Stored data START

(* Define $g(1)=1$, $g(2^k-1)=(-1)^k$ for every integer $k>1$, and $g(n)=0$ for all other integers $n\ge 0$. Let $r(n)$ be the Golay–Rudin–Shapiro sequence, defined by $r(0)=1$, $r(2n)=r(n)$, $r(2n+1)=(-1)^n r(n)$ for $n\ge 0$. Then for all $n\ge 0$, $$\det\left(g(i+j+1)\right)_{i,j=0}^{n-1}=r(n),$$ where the determinant of the empty ($n=0$) matrix is $1$.
   Context: Equivalently, $r(n)=(-1)^{\rho(n)}$ where $\rho(n)$ is the number of (possibly overlapping) pairs of adjacent digits $11$ in the binary expansion of $n$. *)

From mathcomp Require Import all_boot all_order all_algebra.
Set Implicit Arguments. Unset Strict Implicit. Unset Printing Implicit Defensive.
Import Order.TTheory GRing.Theory Num.Theory.
Local Open Scope ring_scope.

(* g(1) = 1, g(2^k - 1) = (-1)^k for k > 1, g(n) = 0 otherwise.
   For n >= 1, n = 2^k - 1 iff n.+1 = 2^k; the only candidate k is
   trunc_log 2 n.+1. *)
Definition g (n : nat) : int :=
  if n == 1%N then 1
  else let k := trunc_log 2 n.+1 in
       if (2 ^ k == n.+1)%N && (1 < k)%N then (-1) ^+ k else 0.

(* Golay-Rudin-Shapiro: r(0)=1, r(2n)=r(n), r(2n+1)=(-1)^n r(n).
   Defined by recursion with fuel (fuel n suffices since n./2 < n for n > 0). *)
Fixpoint r_aux (fuel n : nat) : int :=
  match fuel with
  | 0 => 1
  | fuel'.+1 =>
      if n == 0%N then 1
      else if odd n then (-1) ^+ n./2 * r_aux fuel' n./2
      else r_aux fuel' n./2
  end.

Definition r (n : nat) : int := r_aux n n.

Example r_small : [seq r i | i <- iota 0 16] =
  [:: 1; 1; 1; -1; 1; 1; -1; 1; 1; 1; 1; -1; -1; -1; 1; -1].
Proof. by []. Qed.
Example g_small : [seq g i | i <- iota 0 16] =
  [:: 0; 1; 0; 1; 0; 0; 0; -1; 0; 0; 0; 0; 0; 0; 0; 1].
Proof. by []. Qed.

From mathcomp Require Import all_boot all_order all_algebra zify ring.
Set Implicit Arguments.
Unset Strict Implicit.
Unset Printing Implicit Defensive.
Import GRing.Theory.
Local Open Scope ring_scope.

(* Write n = 2^k + t with 0 <= t < 2^k and put p = 2^k - 1 - t.  In the
   Hankel matrix H_n = (g(i+j+1)), the last row meets the support of g in a
   single entry, the Mersenne index 2^(k+1) - 1 in column p; expanding along
   that row and then along the symmetric column deletes rows and columns
   p and n - 1, leaving the minor of the infinite Hankel matrix on the
   indices {0, ..., p-1} U {p+1, ..., n-2}, which has the same shape.  After
   t such double expansions, each contributing -1, one more expansion leaves
   H_p, so det H_n = g(2^(k+1) - 1) (-1)^t det H_p.  Induction on k shows
   that r(2^k + t) = g(2^(k+1) - 1) (-1)^t r(p) as well. *)

Lemma r_aux_fuel f1 f2 n :
  (n <= f1)%N -> (n <= f2)%N -> r_aux f1 n = r_aux f2 n.
Proof.
elim: f1 f2 n => [|f1 IH] [|f2] [|n] //= h1 h2.
by rewrite (IH f2) // leq_uphalf_double; lia.
Qed.

Lemma r_rec n : (0 < n)%N ->
  r n = (if odd n then (-1) ^+ n./2 else 1) * r n./2.
Proof.
case: n => [//|n] _.
have -> : r n.+1 = (if odd n.+1 then (-1) ^+ n.+1./2 else 1) * r_aux n n.+1./2.
  by rewrite /r /=; case: odd; rewrite ?mul1r.
by rewrite /r (@r_aux_fuel n n.+1./2) // leq_half_double; lia.
Qed.

Lemma r_double m : r m.*2 = r m.
Proof.
by case: m => [//|m]; rewrite r_rec ?double_gt0 // odd_double doubleK mul1r.
Qed.

Lemma r_doubleS m : r m.*2.+1 = (-1) ^+ m * r m.
Proof. by rewrite r_rec //= odd_double uphalf_double. Qed.

Definition mersenne_sign (k : nat) : int := if k is 0 then 1 else (-1) ^+ k.+1.

Lemma mersenne_signS k :
  mersenne_sign k.+1 = - (-1) ^+ (2 ^ k) * mersenne_sign k.
Proof.
case: k => [//|k]; rewrite -signr_odd oddX /= expr0 mulN1r.
by rewrite exprS mulN1r.
Qed.

Lemma mersenne_sign_sqr k : mersenne_sign k * mersenne_sign k = 1.
Proof. by case: k => //= k; rewrite -exprD -signr_odd addnn odd_double. Qed.

Lemma signrE (R : pzRingType) n : (-1) ^+ n = (if odd n then -1 else 1) :> R.
Proof. by rewrite -signr_odd; case: odd. Qed.

Lemma r_pow2_add k t t' : (t + t' + 1 = 2 ^ k)%N ->
  r (2 ^ k + t) = mersenne_sign k * (-1) ^+ t * r t'.
Proof.
elim: k t t' => [|k IH] t t' ht.
  by have [-> ->] : (t = 0 /\ t' = 0)%N by rewrite expn0 in ht; lia.
have [u [u' [hu parity]]] : exists u u', (u + u' + 1 = 2 ^ k)%N /\
    (t = u.*2 /\ t' = u'.*2.+1 \/ t = u.*2.+1 /\ t' = u'.*2).
  exists t./2, t'./2; rewrite expnS in ht.
  by have := odd_double_half t; have := odd_double_half t'; do 2!case: odd; lia.
have sign_hu : (-1) ^+ (2 ^ k) = - (-1) ^+ (u + u') :> int.
  by rewrite -hu addn1 exprSr mulrN1.
case: parity => [[-> ->]|[-> ->]].
all: rewrite mersenne_signS expnS mul2n ?addnS -doubleD.
all: rewrite ?r_double r_doubleS ?r_double ?exprD sign_hu.
all: rewrite (IH _ _ hu) !signrE !oddD /= ?odd_double.
all: by case: (odd u); case: (odd u') => /=; ring.
Qed.

Lemma g_eq0 a m : (2 ^ a < m.+1 < 2 ^ a.+1)%N -> g m = 0.
Proof.
case/andP=> lo hi.
have m_neq1 : m != 1%N.
  apply/eqP=> m1; move: lo hi; rewrite m1; case: a => [//|a].
  by rewrite expnS; have := expn_gt0 2 a; lia.
rewrite /g (negbTE m_neq1) (@trunc_log_eq 2 a) ?(ltnW lo) //.
by rewrite (ltn_eqF lo).
Qed.

Lemma g_mersenne k m : (m.+1 = 2 ^ k.+1)%N -> g m = mersenne_sign k.
Proof.
case: k => [|k] hm; first by have -> : m = 1%N by move: hm; rewrite expn1; lia.
have m_neq1 : m != 1%N by apply: contra_eqN hm => /eqP ->; rewrite !expnS; lia.
by rewrite /g (negbTE m_neq1) hm trunc_expnK // eqxx.
Qed.

Lemma det_row_single (R : comPzRingType) n (A : 'M[R]_n) i0 j0 :
  (forall j, j != j0 -> A i0 j = 0) -> \det A = A i0 j0 * cofactor A i0 j0.
Proof.
move=> A_i0; rewrite (expand_det_row _ i0) (bigD1 j0) //= big1 ?addr0 //.
by move=> j /A_i0 ->; rewrite mul0r.
Qed.

Lemma det_col_single (R : comPzRingType) n (A : 'M[R]_n) i0 j0 :
  (forall i, i != i0 -> A i j0 = 0) -> \det A = A i0 j0 * cofactor A i0 j0.
Proof.
move=> A_j0; rewrite -det_tr (@det_row_single _ _ _ j0 i0) ?mxE ?cofactor_tr //.
by move=> i /A_j0; rewrite mxE.
Qed.

Definition gapped (p q i : nat) : nat :=
  if (i < p)%N then i else (q + (i - p))%N.

(* The principal minor of the infinite Hankel matrix (g(i+j+1)) on the first
   N indices of {0, ..., p-1} U {q, q+1, ...}. *)
Definition hankel_minor N p q : 'M[int]_N :=
  \matrix_(i < N, j < N) g (gapped p q i + gapped p q j + 1).

Lemma gapped_id p q i : p = q \/ (i < p)%N -> gapped p q i = i.
Proof. by rewrite /gapped; case: ltnP => // ? [<-|]; lia. Qed.

Lemma hankel_minorE N p q : p = q \/ (N <= p)%N ->
  hankel_minor N p q = \matrix_(i < N, j < N) g (i + j + 1).
Proof.
move=> pq; apply/matrixP => i j; rewrite !mxE !gapped_id //.
all: by case: pq; [left | right; apply: leq_trans (ltn_ord _) _].
Qed.

Lemma gapped_bump p q i : gapped p q (bump p i) = gapped p q.+1 i.
Proof. by rewrite /gapped /bump; case: (leqP p i) => hpi; case: ifP; lia. Qed.

Lemma bump_lt h i : (i < h)%N -> bump h i = i.
Proof. by move=> ih; rewrite /bump leqNgt ih. Qed.

Lemma bump_ge h i : (h <= i)%N -> bump h i = i.+1.
Proof. by move=> hi; rewrite /bump hi. Qed.

Section Peel.

Variables (k p q N : nat).
(* [qN] puts g(2^(k+1) - 1) in column p of the last row of
   [hankel_minor N.+2 p q]; it is invariant under (N, q) |-> (N - 2, q + 1). *)
Hypotheses (pq : (p <= q)%N) (pN : (p <= N)%N)
  (qN : (q.*2 + N.+3 = 2 ^ k.+1 + p)%N).

Lemma hankel_minor_lastrow_eq0 j :
  (j < N.+2)%N -> j != p -> g (gapped p q N.+1 + gapped p q j + 1) = 0.
Proof.
move=> jN jp; move: qN; rewrite expnS /gapped ltnNge (leqW pN) /= => qN'.
case: ltnP => jp'; first by apply: (@g_eq0 k); apply/andP; split; lia.
by apply: (@g_eq0 k.+1); rewrite !expnS; apply/andP; split; lia.
Qed.

Lemma hankel_minor_lastrow_p :
  g (gapped p q N.+1 + gapped p q p + 1) = mersenne_sign k.
Proof.
by apply: g_mersenne; move: qN; rewrite /gapped ltnn ltnNge (leqW pN) /=; lia.
Qed.

Lemma det_hankel_minor_peel :
  \det (hankel_minor N.+2 p q) = - \det (hankel_minor N p q.+1).
Proof.
have pN1 : (p < N.+1)%N by rewrite ltnS.
pose p2 : 'I_N.+2 := Ordinal (leqW pN1); pose p1 : 'I_N.+1 := Ordinal pN1.
rewrite (@det_row_single _ _ _ ord_max p2); last first.
  by move=> j jp; rewrite mxE hankel_minor_lastrow_eq0.
rewrite /cofactor (@det_col_single _ _ _ p1 ord_max); last first.
  move=> i ip; rewrite !mxE /= bump_lt // bump_ge //.
  have ltiN : (i < N.+2)%N := ltnW (ltn_ord i).
  by rewrite (addnC (gapped p q i)) (hankel_minor_lastrow_eq0 ltiN ip).
have corner : hankel_minor N.+2 p q ord_max p2 = mersenne_sign k.
  by rewrite mxE hankel_minor_lastrow_p.
have corner' : row' ord_max (col' p2 (hankel_minor N.+2 p q)) p1 ord_max
    = mersenne_sign k.
  rewrite !mxE /= bump_lt // bump_ge //.
  by rewrite (addnC (gapped p q p)) hankel_minor_lastrow_p.
have minor :
    row' p1 (col' ord_max (row' ord_max (col' p2 (hankel_minor N.+2 p q))))
    = hankel_minor N p q.+1.
  apply/matrixP => i j; have ltiN : (i < N)%N := ltn_ord i.
  have ltjN : (j < N)%N := ltn_ord j.
  rewrite !mxE /= -!gapped_bump (@bump_lt N j) // (@bump_lt N.+1 (bump p i)) //.
  by rewrite /bump; case: leqP; lia.
have sign : (-1) ^+ (N.+1 + p) * (-1) ^+ (p + N) = -1 :> int.
  by rewrite -exprD signrE !oddD /=; case: odd; case: odd.
rewrite /cofactor corner corner' minor /=.
transitivity (mersenne_sign k * mersenne_sign k *
  ((-1) ^+ (N.+1 + p) * (-1) ^+ (p + N)) * \det (hankel_minor N p q.+1)).
  by ring.
by rewrite mersenne_sign_sqr sign mul1r mulN1r.
Qed.

End Peel.

Lemma det_hankel_minor_peeln k p t q : (p <= q)%N ->
  (q.*2 + (p + t.*2).+2 = 2 ^ k.+1 + p)%N ->
  \det (hankel_minor (p + t.*2).+1 p q) =
  (-1) ^+ t * \det (hankel_minor p.+1 p (q + t)).
Proof.
elim: t q => [|t IH] q pq qN; first by rewrite double0 !addn0 expr0 mul1r.
rewrite doubleS !addnS (@det_hankel_minor_peel k) //; last 2 first.
- by rewrite leqW // leq_addr.
- by move: qN; rewrite doubleS !addnS.
rewrite IH ?addnS ?exprS ?mulN1r ?mulNr ?leqW //.
by move: qN; rewrite !doubleS; lia.
Qed.

Lemma det_hankel_minor_single_tail k p q : (q.+1 = 2 ^ k)%N -> (p <= q)%N ->
  \det (hankel_minor p.+1 p q) =
  mersenne_sign k * \det (\matrix_(i < p, j < p) g (i + j + 1)).
Proof.
move=> qk pq.
have gapped_p : gapped p q p = q by rewrite /gapped ltnn subnn addn0.
rewrite (@det_row_single _ _ _ ord_max ord_max); last first.
  move=> j jp; have ltjp : (j < p)%N by rewrite ltn_neqAle jp -ltnS ltn_ord.
  rewrite mxE /= gapped_p gapped_id; last by right.
  by apply: (@g_eq0 k); rewrite expnS; apply/andP; split; lia.
rewrite /cofactor mxE /= gapped_p (@g_mersenne k); last by rewrite expnS; lia.
rewrite -signr_odd addnn odd_double expr0 mul1r.
rewrite -(@hankel_minorE p p q); last by right.
by congr (_ * \det _); apply/matrixP => i j; rewrite !mxE /= !bump_lt.
Qed.

Lemma det_hankel_pow2_add k t p : (t + p + 1 = 2 ^ k)%N ->
  \det (\matrix_(i < 2 ^ k + t, j < 2 ^ k + t) g (i + j + 1)) =
  mersenne_sign k * (-1) ^+ t * \det (\matrix_(i < p, j < p) g (i + j + 1)).
Proof.
move=> tp; have -> : (2 ^ k + t = (p + t.*2).+1)%N by rewrite -tp; lia.
rewrite -(@hankel_minorE _ p p); last by left.
rewrite (@det_hankel_minor_peeln k) //; last by rewrite expnS -tp; lia.
rewrite (@det_hankel_minor_single_tail k); [|lia|lia].
by rewrite mulrCA mulrA.
Qed.

Lemma pow2_add_decomposition n : (0 < n)%N ->
  exists k t p, n = (2 ^ k + t)%N /\ (t + p + 1 = 2 ^ k)%N.
Proof.
move=> n_gt0; have /andP[lo hi] := trunc_log_bounds (isT : (1 < 2)%N) n_gt0.
move: (trunc_log 2 n) lo hi => k lo; rewrite expnS => hi.
by exists k, (n - 2 ^ k)%N, (2 ^ k - 1 - (n - 2 ^ k))%N; split; lia.
Qed.

Theorem theorem5p11 (n : nat) :
  \det (\matrix_(i < n, j < n) g (i + j + 1)%N) = r n.
Proof.
elim/ltn_ind: n => -[|n] IH; first by rewrite det_mx00.
have [k [t [p [n_eq tp]]]] := pow2_add_decomposition (ltn0Sn n).
by rewrite n_eq (det_hankel_pow2_add tp) (r_pow2_add tp) IH; last lia.
Qed.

Stored data END

* Exercise directions *
Scan the records for the word "Implicit", and copy each line where it is found.

* Answer to this exercise *
Set Implicit Arguments. Unset Strict Implicit. Unset Printing Implicit Defensive.
Set Implicit Arguments.
Unset Strict Implicit.
Unset Printing Implicit Defensive.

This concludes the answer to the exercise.